(* Let $n,d\in\mathbb{N}$, and let $\psi_1:\mathbb{R}^d\to\mathbb{C}$ and $\psi_2:\mathbb{R}^n\to\mathbb{C}$ be characteristic exponents of Lévy processes with Lévy triplets $(b_1,Q_1,\nu_1)$ and $(b_2,Q_2,\nu_2)$. Then \[ \{(x,y)\in\mathbb{R}^d\times\mathbb{R}^n\mid\psi_1(x)+\psi_2(y)=0\}=\{(x,y)\in\mathbb{R}^d\times\mathbb{R}^n\mid \psi_1(x)\in i\mathbb{R},\ \psi_2(y)\in i\mathbb{R},\ b_1^x+b_2^y=0\}. \]
   Context: A characteristic exponent with Lévy triplet $(b,Q,\nu)$ on $\mathbb{R}^k$ is $\psi(\xi)=-ib\cdot\xi+\tfrac12\xi\cdot Q\xi+\int_{0<|z|<1}(1-e^{iz\cdot\xi}+iz\cdot\xi)\nu(dz)+\int_{|z|\ge1}(1-e^{iz\cdot\xi})\nu(dz)$. For such a triplet and $x\in\mathbb{R}^k$, define $b^x:=x\cdot b+\int x\cdot z\big(\mathbf 1_{(0,1)}(|x\cdot z|)-\mathbf 1_{(0,1)}(|z|)\big)\nu(dz)$ (the drift of the one-dimensional Lévy process $x\cdot X_t$). Here $b_1^x$ is built from $(b_1,\nu_1)$ and $b_2^y$ from $(b_2,\nu_2)$. *)

From HB Require Import structures.
From mathcomp Require Import all_boot all_order all_algebra.
From mathcomp Require Import all_classical all_reals all_analysis.
From mathcomp Require Import complex.

Set Implicit Arguments.
Unset Strict Implicit.
Unset Printing Implicit Defensive.

Import Order.TTheory GRing.Theory Num.Theory.
Import numFieldNormedType.Exports.
Local Open Scope classical_set_scope.
Local Open Scope ring_scope.

(* R^k is represented by row vectors 'rV[R]_k, equipped with its Borel
   sigma-algebra (generated by the open sets of its usual topology). *)
Definition vecR (R : realType) (k : nat) :=
  g_sigma_algebraType (@open 'rV[R]_k).

Definition dotR (R : realType) (k : nat) (x z : 'rV[R]_k) : R :=
  \sum_(i < k) x ord0 i * z ord0 i.

Definition enorm (R : realType) (k : nat) (z : 'rV[R]_k) : R :=
  Num.sqrt (dotR z z).

Definition levy_triplet (R : realType) (k : nat) (b : 'rV[R]_k) (Q : 'M[R]_k)
  (nu : {measure set (vecR R k) -> \bar R}) : Prop :=
  [/\ Q^T = Q,
      (forall v : 'rV[R]_k, 0 <= dotR v (v *m Q)),
      nu [set (0 : 'rV[R]_k)] = 0%E &
      (\int[nu]_(z in [set: vecR R k]) (Num.min 1 (enorm z ^+ 2))%:E < +oo)%E].

(* The characteristic exponent psi(xi) of the triplet (b, Q, nu):
   psi(xi) = -i b.xi + 1/2 xi.Q xi
             + int_{0<|z|<1} (1 - e^{i z.xi} + i z.xi) nu(dz)
             + int_{|z|>=1} (1 - e^{i z.xi}) nu(dz),
   written out via its real and imaginary parts. *)
Definition small_jumps (R : realType) (k : nat) : set (vecR R k) :=
  [set z | 0 < enorm z < 1].
Definition big_jumps (R : realType) (k : nat) : set (vecR R k) :=
  [set z | 1 <= enorm z].

Definition char_exp (R : realType) (k : nat) (b : 'rV[R]_k) (Q : 'M[R]_k)
  (nu : {measure set (vecR R k) -> \bar R}) (xi : 'rV[R]_k) : complex.complex R :=
  complex.Complex
    (2^-1 * dotR xi (xi *m Q)
      + Rintegral nu (@small_jumps R k) (fun z => 1 - cos (dotR z xi))
      + Rintegral nu (@big_jumps R k) (fun z => 1 - cos (dotR z xi)))
    (- dotR b xi
      + Rintegral nu (@small_jumps R k) (fun z => dotR z xi - sin (dotR z xi))
      - Rintegral nu (@big_jumps R k) (fun z => sin (dotR z xi))).

Definition drift_dir (R : realType) (k : nat) (b : 'rV[R]_k)
  (nu : {measure set (vecR R k) -> \bar R}) (x : 'rV[R]_k) : R :=
  dotR x b + Rintegral nu [set: vecR R k]
    (fun z => dotR x z * (((0 < Num.norm (dotR x z))%R && (Num.norm (dotR x z) < 1)%R)%:R - ((0 < enorm z)%R && (enorm z < 1)%R)%:R)).

From HB Require Import structures.
From mathcomp Require Import all_boot all_order all_algebra.
From mathcomp Require Import all_classical all_reals all_analysis.
From mathcomp Require Import complex measurable_realfun.
From mathcomp Require Import ring lra.

Set Implicit Arguments.
Unset Strict Implicit.
Unset Printing Implicit Defensive.

Import Order.TTheory GRing.Theory Num.Theory.
Import numFieldNormedType.Exports.
Local Open Scope classical_set_scope.
Local Open Scope ring_scope.

(* The real part of a characteristic exponent is nonnegative: it is the Gaussian
   quadratic form plus integrals of 1 - cos (z.x) >= 0, which are finite since
   1 - cos (z.x) <= (2 + |x|^2) min(1, |z|^2). So psi1(x) + psi2(y) = 0 forces both
   real parts to vanish, hence cos (z.x) = 1 for nu-almost every z (nu{0} = 0).
   For such z, sin (z.x) = 0 and |z.x| never lies in (0,1), so the imaginary part
   collapses to Im psi(x) = -b^x and the remaining condition is b1^x + b2^y = 0. *)

Lemma sum_mul_sqr_le (R : realFieldType) (I : finType) (a b : I -> R) :
  (\sum_i a i * b i) ^+ 2 <= (\sum_i a i ^+ 2) * (\sum_i b i ^+ 2).
Proof.
set P := \sum_i \sum_j a i ^+ 2 * b j ^+ 2.
set S := \sum_i \sum_j (a i * b i) * (a j * b j).
have P_sym : \sum_i \sum_j a j ^+ 2 * b i ^+ 2 = P by rewrite /P exchange_big.
have lagrange : \sum_i \sum_j (a i * b j - a j * b i) ^+ 2 = P + P - 2 * S.
  rewrite -[X in _ = _ + X - _]P_sym /P /S mulr_sumr -!big_split -sumrB /=.
  apply: eq_bigr => i _; rewrite mulr_sumr -!big_split -sumrB /=.
  by apply: eq_bigr => j _; ring.
have : 0 <= \sum_i \sum_j (a i * b j - a j * b i) ^+ 2.
  by apply: sumr_ge0 => i _; apply: sumr_ge0 => j _; exact: sqr_ge0.
rewrite lagrange /P /S -!big_distrlr /= -expr2; lra.
Qed.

> **What to do**: Copy exactly the lines running from the one that holds "set P := \sum_i \sum_j a i ^+ 2 * b j ^+ 2." to the last line of the listing above. Include both of those lines.

> **Task result**:
set P := \sum_i \sum_j a i ^+ 2 * b j ^+ 2.
set S := \sum_i \sum_j (a i * b i) * (a j * b j).
have P_sym : \sum_i \sum_j a j ^+ 2 * b i ^+ 2 = P by rewrite /P exchange_big.
have lagrange : \sum_i \sum_j (a i * b j - a j * b i) ^+ 2 = P + P - 2 * S.
  rewrite -[X in _ = _ + X - _]P_sym /P /S mulr_sumr -!big_split -sumrB /=.
  apply: eq_bigr => i _; rewrite mulr_sumr -!big_split -sumrB /=.
  by apply: eq_bigr => j _; ring.
have : 0 <= \sum_i \sum_j (a i * b j - a j * b i) ^+ 2.
  by apply: sumr_ge0 => i _; apply: sumr_ge0 => j _; exact: sqr_ge0.
rewrite lagrange /P /S -!big_distrlr /= -expr2; lra.
Qed.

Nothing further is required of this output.